I think you're going to have to add some escaping to the filenames when reading them in. If you use \$ instead of $, it should no longer be interpreted as a variable.

Kreeblah
May 17, 2004

INSERT QUACK TO CONTINUE


Taco Defender

Kuule hain nussivan posted:

I think you're going to have to add some escaping to the filenames when reading them in. If you use \$ instead of $, it should no longer be interpreted as a variable.

Oh, right, I should have mentioned that. I tried that right after line 36 with this:

Zsh code:
tmpcue="${tmpcue//$/\\$}"
Problem is, the shell then can't find those files with dollar signs in their names, because it looks for one with a backslash in front of the dollar sign.

I expect you're probably right about there being some escaping I need to do, but I'm having a hard time figuring out what the right way to escape these strings is without the shell interpreting the backslash as part of the filename.

Kuule hain nussivan
Nov 27, 2008

Kreeblah posted:

Oh, right, I should have mentioned that.

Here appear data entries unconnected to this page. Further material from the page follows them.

Lemma rsum_mono Y Y' W W' S : weights_nonneg S ->
  (forall l, Y l -> Y' l) -> (forall l, W' l -> W l) -> rsum Y W S <= rsum Y' W' S.
Proof.
  intros HS HY HW; induction HS as [|[[[|] l] w] S Hp _ IH]; simpl in *; [lra| |];
    unfold rsat in *; simpl in *;
    repeat destruct excluded_middle_informative; try lra; exfalso; auto.
Qed.

Lemma rsum_fact s w Y W S : weights_nonneg S ->
  Rbar_cmp s w (Finite 0) -> Rbar_cmp s w (Finite (rsum Y W S)).
Proof. intros HS H; apply (Rbar_cmp_le_trans _ _ 0); auto. apply rsum_bounds; auto. Qed.

Lemma rsum_skip s x Y W S c wm : 0 <= wm ->
  Rbar_cmp s x (Finite (rsum Y W S)) -> Rbar_cmp s x (Finite (rsum Y W (S ++ [(c, wm)]))).
Proof.
  intros Hwm H; eapply Rbar_cmp_le_trans; [exact H|].
  rewrite rsum_snoc; destruct excluded_middle_informative; lra.
Qed.

Lemma rsum_take s x Y W S c wm : rsat Y W c ->
  Rbar_cmp s (Finite (x - wm)) (Finite (rsum Y W S)) ->
  Rbar_cmp s (Finite x) (Finite (rsum Y W (S ++ [(c, wm)]))).
Proof.
  intros Hc H; rewrite rsum_snoc.
  destruct excluded_middle_informative; [|contradiction].
  now apply Rbar_cmp_shift.
Qed.

Lemma lreduct_sat Y W C :
  Rbar_le (fst (lreduct W C)) (Finite (psum Y (snd (lreduct W C)))) <->
  Rbar_le (wlo C) (Finite (rsum Y W (welems C))).
Proof. simpl; rewrite rsum_split; destruct (wlo C); simpl; try tauto; lra. Qed.

End WeightSums.

Lemma litset_ext {X} (Y Z : litset X) : (forall x, Y x <-> Z x) -> Y = Z.
Proof.
  intros H; apply functional_extensionality; intros x.
  apply propositional_extensionality, H.
Qed.

Section Reducts.

Context {X : Type}.
Implicit Types (Y Z : litset X) (F G : formula X) (P : nprogram X).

I tried that right after line 36 with this:

Zsh code:
tmpcue="${tmpcue//$/\\$}"
Problem is, the shell then can't find those files with dollar signs in their names, because it looks for one with a backslash in front of the dollar sign.

I expect you're probably right about there being some escaping I need to do, but I'm having a hard time figuring out what the right way to escape these strings is without the shell interpreting the backslash as part of the filename.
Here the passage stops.